Op het gebied van de ploegtactiek is de positie van de aanvoerder nogal delicaat. Deze tactiek is doorgaans niet door hem vastgesteld, maar door de technische leiding van de club of eventueel door de oefenmeester, soms door de leider van het elftal. De aanvoerder heeft de plicht deze tactiek zo goed mogelijk te volgen en het zou met recht sabotage genoemd kunnen worden als hij zijn spelers, zodra het spel eenmaal aan de gang is, opdrachten zou geven die lijnrecht in strijd zouden zijn met de opgedragen tactiek. Dit ligt wel is waar wel in de macht van de aanvoerder en zo lang de wedstrijd duurt, zal niemand daaraan iets kunnen veranderen, maar de goede aanvoerder moet begrijpen, dat hij zulke dingen niet zal mogen doen.

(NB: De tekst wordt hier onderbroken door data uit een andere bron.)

Lemma CV_disk_mult (a b : nat -> R) (y : R) : Rbar_lt (Rabs y) (CV_radius a) ->
  Rbar_lt (Rabs y) (CV_radius b) -> CV_disk (PS_mult a b) y.
Proof.
  intros Ha Hb.
  (* dominate by the product of the series of absolute values *)
  assert (Habs : forall c, CV_radius (fun n => Rabs (c n)) = CV_radius c).
  { intros c. unfold CV_radius. apply Lub_Rbar_eqset. intros x. unfold CV_disk.
    split; apply ex_series_ext; intros n; rewrite !Rabs_mult, Rabs_Rabsolu; reflexivity. }
  assert (H : ex_pseries (PS_mult (fun n => Rabs (a n)) (fun n => Rabs (b n))) (Rabs y))
    by (apply ex_pseries_mult; rewrite Habs, Rabs_Rabsolu; assumption).
  refine (@ex_series_le R_AbsRing R_CompleteNormedModule _ _ _ H).
  intros n. change norm with Rabs. simpl. rewrite Rabs_Rabsolu, <- pow_n_pow.
  change scal with Rmult. simpl.
  rewrite Rabs_mult, <- RPow_abs, Rmult_comm. apply Rmult_le_compat_l; [apply pow_le, Rabs_pos|].
  unfold PS_mult. eapply Rle_trans; [apply sum_f_R0_triangle|].
  right. apply sum_eq. intros i _. apply Rabs_mult.
Qed.

Lemma analytic_at_mult (lam : R) (f g : R -> R) (x0 : R) :
  analytic_at lam f x0 -> analytic_at lam g x0 -> analytic_at lam (fun x => f x * g x) x0.
Proof.
  intros (a & r1 & Hr1 & Ha & Hf) (b & r2 & Hr2 & Hb & Hg).
  pose proof (Rmin_l r1 r2). pose proof (Rmin_r r1 r2). set (r := Rmin r1 r2) in *.
  assert (Hr : 0 < r) by now apply Rmin_glb_lt.
  assert (Hra : Rbar_le r (CV_radius a)) by (apply Rbar_le_trans with r1; [simpl; lra| exact Ha]).
  assert (Hrb : Rbar_le r (CV_radius b)) by (apply Rbar_le_trans with r2; [simpl; lra| exact Hb]).
  exists (PS_mult a b), (r / 2). repeat split.
  - lra.
  - replace (r / 2) with (Rabs (r / 2)) by (apply Rabs_pos_eq; lra).
    apply CV_disk_le_radius, CV_disk_mult;
      apply (lt_CV_radius _ r); try assumption; rewrite Rabs_pos_eq; lra.
  - intros x Hx Hxr.
    rewrite PSeries_mult by (apply (lt_CV_radius _ r); [assumption| lra]).
    rewrite Hf, Hg by (auto; lra). reflexivity.
Qed.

Nochtans kunnen de omstandigheden met zich meebrengen, dat er enige wijziging moet worden gebracht in de opstelling dan wel in de tactiek, doch dat zal dan moeten geschieden in het kader van de vastgestelde ploegtactiek. In bijzondere gevallen zal daarvan natuurlijk kunnen, zelfs moeten, worden afgeweken. Veronderstel, dat een ploeg met een ander systeem gaat spelen en dat er totaal niets van terecht komt. Men kan zich dan op het standpunt stellen: rustig mee doorgaan, tot de spelers er aan gewend zijn, maar men kan ook tijdens de wedstrijd al tot de overtuiging komen, dat het toch niets wordt. In zo'n geval is het gerechtvaardigd, van het systeem af te stappen en tot het oude, dan wel weer een ander, systeem over te gaan, hetgeen trouwens altijd kan geschieden in snel overleg met de aan de kant zittende leiders of de oefenmeester.
| |
| |
In al deze gevallen zal de goede aanvoerder zijn vereniging belangrijke diensten bewijzen. Hij toch moet kunnen beoordelen, wat al zijn medespelers waard zijn en wat zij eventueel in een andere positie zullen kunnen presteren. Hij zal in staat zijn een wijziging in de opstelling aan te brengen, die het elftal versterkt, hetgeen dikwijls afhangt van de min of meer toevallige spelvorm der spelers. Plaatsverwisselingen - die nimmer buiten voorkennis van de aanvoerder mogen geschieden - zullen soms een heel ander beeld aan de strijd kunnen geven, vooral als de aanvoerder ze vergezeld doet gaan van korte, duidelijke aanwijzingen nopens de te volgen taak. Dat alles geldt ook als een speler uitvalt en een invaller in het veld komt, hetgeen een wijziging in de opstelling tengevolge kan hebben.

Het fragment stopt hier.